## About this exercise
Filter the entries below down to the lines that hold "Section".

┌────────

(* Let $q, q'\in\mathbb{N}_+$, and fix $p,n,\sigma,\vec u,W_i,\mathcal{L}_+,R$ as in the context. Then there exists $\varepsilon_0>0$ such that for every $\varepsilon$ with $0<\varepsilon<\varepsilon_0$, $\varepsilon<\frac{R-p}{2}$ and $\varepsilon^q<\frac{p^q(R^q-p^q)}{((n-1)(p-1)+1)^q}$, every basis $[\vec b_1,\dots,\vec b_n]$ of the lattice $\tilde{\mathcal{L}}=\tilde{\mathcal{L}}(\varepsilon)$ that minimizes $\sum_{i=1}^n\|\vec b_i\|_q^{q'}$ over all bases of $\tilde{\mathcal{L}}$ does not contain $\pm\vec v_1$, the shortest nonzero vector of $\tilde{\mathcal{L}}$.
   Context: Let $p\ge7$ be prime, $n\ge2$, $\sigma\in\{2,3\}^{n-1}$ with $\sum_{i=1}^{n-1}\sigma_i^q=p^q-1$ and $\|k\sigma\bmod p\|_q>\|\sigma\bmod p\|_q$ for all integers $k\not\equiv0,\pm1\pmod p$, where $|\alpha|_p=\min_{z\in\mathbb{Z}}|\alpha-zp|$ and $\|\vec x\bmod p\|_q=(\sum_i|x_i|_p^q)^{1/q}$; if $q\ge2$ assume $4n-3>2p$. Put $\vec u=(1,\sigma)\in\mathbb{R}^n$, $W_i=p\vec e_i$, $\mathcal{L}_+=\operatorname{span}_{\mathbb{Z}}(W_1,\dots,W_n,\vec u)$, and fix $R>p$ with $\mathcal{L}_+\cap\mathcal{B}_q(R)=\{\vec0,\pm W_1,\dots,\pm W_n,\pm\vec u\}$, where $\mathcal{B}_q(r)=\{\vec x:\|\vec x\|_q<r\}$ and $\|\vec x\|_q=(\sum_i|x_i|^q)^{1/q}$. For $\varepsilon>0$, in $\mathbb{R}^{n+1}$ let $\vec v_1=(W_1,\varepsilon)$, $\vec v_i=(W_i,2\varepsilon)$ for $2\le i\le n$, $\tilde{\vec u}=\frac1p\sum_{i=1}^nu_i\vec v_i$, and $\tilde{\mathcal{L}}(\varepsilon)=\operatorname{span}_{\mathbb{Z}}(\vec v_1,\dots,\vec v_n,\tilde{\vec u})$. *)

From HB Require Import structures.
From mathcomp Require Import all_boot all_order all_algebra.
From mathcomp Require Import reals exp.
Import Order.TTheory GRing.Theory Num.Theory.
Local Open Scope ring_scope.

(* |a|_p = min_{z in Z} |a - z p|, for an integer a and p > 0:
   with r = a mod p in [0,p), this minimum is min(r, p - r). *)
Definition absp (p : nat) (a : int) : nat :=
  let r := `|(a %% p%:Z)%Z|%N in minn r (p - r).

Definition lqnorm_modp (R : realType) (q p : nat) (k : nat) (x : 'I_k -> int) : R :=
  powR (\sum_(i < k) ((absp p (x i))%:R ^+ q)) (q%:R^-1).

Definition lqnorm (R : realType) (q : nat) (d : nat) (x : 'rV[R]_d) : R :=
  powR (\sum_(i < d) `|x 0 i| ^+ q) (q%:R^-1).

Definition Zspan (R : realType) (d : nat) (I : finType) (g : I -> 'rV[R]_d)
  (x : 'rV[R]_d) : Prop :=
  exists c : I -> int, x = \sum_(i : I) g i *~ c i.

Definition lattice_basis (R : realType) (d k : nat) (L : 'rV[R]_d -> Prop)
  (b : 'I_k -> 'rV[R]_d) : Prop :=
  (forall c : 'I_k -> R, \sum_(i < k) c i *: b i = 0 -> forall i, c i = 0)
  /\ (forall x, Zspan R d 'I_k b x <-> L x).

Definition Wvec (R : realType) (n p : nat) (i : 'I_n) : 'rV[R]_n :=
  \row_(j < n) (if j == i then p%:R else 0).

Definition uvec (R : realType) (m : nat) (sigma : 'I_m -> nat) : 'rV[R]_m.+1 :=
  \row_(j < m.+1) (if unlift ord0 j is Some j' then (sigma j')%:R else 1).

Definition Lplus_gen (R : realType) (m p : nat) (sigma : 'I_m -> nat)
  (o : option 'I_m.+1) : 'rV[R]_m.+1 :=
  if o is Some i then Wvec R m.+1 p i else uvec R m sigma.

Definition ext_vec (R : realType) (n : nat) (x : 'rV[R]_n) (t : R) : 'rV[R]_(n + 1) :=
  row_mx x (\row_(j < 1) t).

Definition vvec (R : realType) (m p : nat) (eps : R) (i : 'I_m.+1) : 'rV[R]_(m.+1 + 1) :=
  ext_vec R m.+1 (Wvec R m.+1 p i) ((if val i == 0%N then 1 else 2) * eps).

Definition utilde (R : realType) (m p : nat) (sigma : 'I_m -> nat) (eps : R)
  : 'rV[R]_(m.+1 + 1) :=
  (p%:R)^-1 *: \sum_(i < m.+1) (uvec R m sigma 0 i) *: vvec R m p eps i.

Definition Ltilde_gen (R : realType) (m p : nat) (sigma : 'I_m -> nat) (eps : R)
  (o : option 'I_m.+1) : 'rV[R]_(m.+1 + 1) :=
  if o is Some i then vvec R m p eps i else utilde R m p sigma eps.

From mathcomp Require Import all_boot all_order all_algebra.
From mathcomp Require Import reals exp.
From mathcomp Require Import ring lra zify.
Import Order.TTheory GRing.Theory Num.Theory.

Set Implicit Arguments.
Unset Strict Implicit.
Unset Printing Implicit Defensive.

Local Open Scope ring_scope.

(* L~(eps) is the image of L_+ under the injective linear map y |-> (y, eps * tilt y), where
   tilt y = (y_1 + 2 (y_2 + ... + y_n)) / p; this map adds |eps * tilt y|^q to ||y||_q^q, so the
   bases of L~(eps) are the images of the bases of L_+.  The only nonzero vectors of L_+ of norm
   below R are +-W_i and +-u, all of q-norm p and with |tilt| >= 1 = tilt W_1; hence v_1 is a
   shortest vector.  A basis of L_+ made of such short vectors uses n of these n + 1 generators
   and cannot omit u or any W_k with k >= 2, so it does not contain +-W_1.  Therefore a basis of
   L~(eps) containing +-v_1 has a vector of norm >= R and costs at least R^q' + (n-1) p^q',
   while the image of the basis {u, W_2, ..., W_n} costs less once eps is small enough. *)

Lemma lerXnD (R : realDomainType) (n : nat) (a b : R) :
  (0 < n)%N -> 0 <= a -> 0 <= b -> a ^+ n + b ^+ n <= (a + b) ^+ n.
Proof.
move=> n_gt0 a_ge0 b_ge0; rewrite -(prednK n_gt0) !exprS mulrDl.
have ab_ge0 : 0 <= a + b by rewrite addr_ge0.
by apply: lerD; apply: ler_wpM2l => //; apply: lerXn2r; rewrite ?nnegrE ?lerDl ?lerDr.
Qed.

Lemma sum_exprn_ge (R : realDomainType) (n k : nat) (x : 'I_n.+1 -> R) (a A : R)
    (j : 'I_n.+1) :
  0 <= a -> (forall i, a <= x i) -> A <= x j -> 0 <= A ->
  A ^+ k + a ^+ k *+ n <= \sum_i x i ^+ k.
Proof.
move=> a_ge0 a_le A_le A_ge0; rewrite (bigD1 j) //=; apply: lerD.
  by apply: lerXn2r; rewrite ?nnegrE // (le_trans A_ge0).
have -> : a ^+ k *+ n = \sum_(i | i != j) a ^+ k by rewrite sumr_const cardC1 card_ord.
by apply: ler_sum => i _; apply: lerXn2r; rewrite ?nnegrE // (le_trans a_ge0).
Qed.

Lemma small_perturbation (R : realFieldType) (n : nat) (a Y H : R) :
  (0 < n)%N -> 0 <= a -> a < Y -> 0 < H ->
  exists2 e0, 0 < e0 &
    forall e h, 0 < e -> e < e0 -> `|h| <= H -> a ^+ n + `|e * h| ^+ n < Y ^+ n.
Proof.
move=> n_gt0 a_ge0 aY H_gt0; pose gap := Y ^+ n - a ^+ n.
have gap_gt0 : 0 < gap by rewrite subr_gt0 ltr_pXn2r ?nnegrE // (le_trans a_ge0) ?ltW.
exists (Num.min 1 (gap / H ^+ n)) => [|e h e_gt0].
  by rewrite lt_min ltr01 divr_gt0 ?exprn_gt0.
rewrite lt_min => /andP[e_lt1 e_lt] hH.
have eh_le : `|e * h| ^+ n <= e * H ^+ n.
  rewrite normrM gtr0_norm // exprMn.
  apply: ler_pM; rewrite ?exprn_ge0 //; first exact: ltW.
    exact: ler_iXnr n_gt0 (ltW e_gt0) (ltW e_lt1).
  by apply: lerXn2r; rewrite ?nnegrE ?normr_ge0 // ltW.
have : e * H ^+ n < gap by rewrite -ltr_pdivlMr ?exprn_gt0.
rewrite /gap; lra.
Qed.

Section RealPowers.
Variable R : realType.

Lemma powR_invnK (n : nat) (s : R) : (0 < n)%N -> 0 <= s -> (s `^ n%:R^-1) ^+ n = s.
Proof.
move=> n_gt0 s_ge0; rewrite -powR_mulrn ?powR_ge0 // -powRrM mulVf ?powRr1 //.
by rewrite pnatr_eq0 -lt0n.
Qed.

Lemma exprnK_powR (n : nat) (a : R) : (0 < n)%N -> 0 <= a -> (a ^+ n) `^ n%:R^-1 = a.
Proof.
move=> n_gt0 a_ge0; rewrite -powR_mulrn // -powRrM mulfV ?powRr1 //.
by rewrite pnatr_eq0 -lt0n.
Qed.

Lemma powR_invn_lt (n : nat) (s r : R) : (0 < n)%N -> 0 <= s -> 0 <= r ->
  (s `^ n%:R^-1 < r) = (s < r ^+ n).
Proof.
move=> n_gt0 s_ge0 r_ge0.
by rewrite -[X in _ = (X < _)](powR_invnK n_gt0 s_ge0) ltr_pXn2r ?nnegrE ?powR_ge0.
Qed.

Lemma ler_powR_invn (n : nat) (s s' : R) : 0 <= s -> s <= s' ->
  s `^ n%:R^-1 <= s' `^ n%:R^-1.
Proof.
move=> s_ge0 ss'; apply: ge0_ler_powR; rewrite ?invr_ge0 ?ler0n ?nnegrE //.
exact: le_trans ss'.
Qed.

End RealPowers.

Section LqSum.
Variables (R : realType) (q : nat).

Definition lqsum (d : nat) (x : 'rV[R]_d) : R := \sum_i `|x 0 i| ^+ q.

Lemma lqnormE d (x : 'rV[R]_d) : lqnorm R q d x = lqsum x `^ q%:R^-1.
Proof. by []. Qed.

Lemma lqsum_ge0 d (x : 'rV[R]_d) : 0 <= lqsum x.
Proof. by apply: sumr_ge0 => i _; rewrite exprn_ge0. Qed.

Lemma lqsumN d (x : 'rV[R]_d) : lqsum (- x) = lqsum x.
Proof. by apply: eq_bigr => i _; rewrite mxE normrN. Qed.

Lemma lqsum_ext d (x : 'rV[R]_d) (t : R) : lqsum (ext_vec R d x t) = lqsum x + `|t| ^+ q.
Proof.
rewrite /lqsum big_split_ord big_ord1 /ext_vec row_mxEr mxE; congr (_ + _).
by apply: eq_bigr => i _; rewrite row_mxEl.
Qed.

Lemma lqnorm_ge0 d (x : 'rV[R]_d) : 0 <= lqnorm R q d x.
Proof. exact: powR_ge0. Qed.

Lemma ler_lqnorm d d' (x : 'rV[R]_d) (y : 'rV[R]_d') :
  lqsum x <= lqsum y -> lqnorm R q d x <= lqnorm R q d' y.
Proof. exact/ler_powR_invn/lqsum_ge0. Qed.

Hypothesis q_gt0 : (0 < q)%N.

Lemma lqnorm_lt d (x : 'rV[R]_d) r : 0 <= r -> (lqnorm R q d x < r) = (lqsum x < r ^+ q).
Proof. by move=> r_ge0; rewrite lqnormE powR_invn_lt ?lqsum_ge0. Qed.

Lemma lqnorm_ge d (x : 'rV[R]_d) r : 0 <= r -> (r <= lqnorm R q d x) = (r ^+ q <= lqsum x).
Proof. by move=> r_ge0; rewrite !leNgt lqnorm_lt. Qed.

End LqSum.

Lemma mulmxrz (R : pzRingType) m n k (A : 'M[R]_(m, n)) (B : 'M[R]_(n, k)) (z : int) :
  (A *~ z) *m B = (A *m B) *~ z.
Proof. by rewrite -!scaler_int -scalemxAl. Qed.

Section IntegerSpan.
Variable R : realType.

Lemma Zspan_gen d (I : finType) (g : I -> 'rV[R]_d) i : Zspan R d I g (g i).
Proof.
exists (fun j => (j == i)%:Z); rewrite (bigD1 i) //= eqxx big1 ?addr0 // => j.
by move=> /negbTE ->.
Qed.

Lemma Zspan_sum d (I J : finType) (g : I -> 'rV[R]_d) (h : J -> 'rV[R]_d) (c : J -> int) :
  (forall j, Zspan R d I g (h j)) -> Zspan R d I g (\sum_j h j *~ c j).
Proof.
move=> /fin_all_exists [e he]; exists (fun i => \sum_j e j i * c j).
under eq_bigr => j _ do rewrite he mulrz_suml.
rewrite exchange_big; apply: eq_bigr => i _; rewrite mulrz_sumr.
by apply: eq_bigr => j _; rewrite mulrzA.
Qed.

└────────

## Reply
Section RealPowers.
Section LqSum.
Section IntegerSpan.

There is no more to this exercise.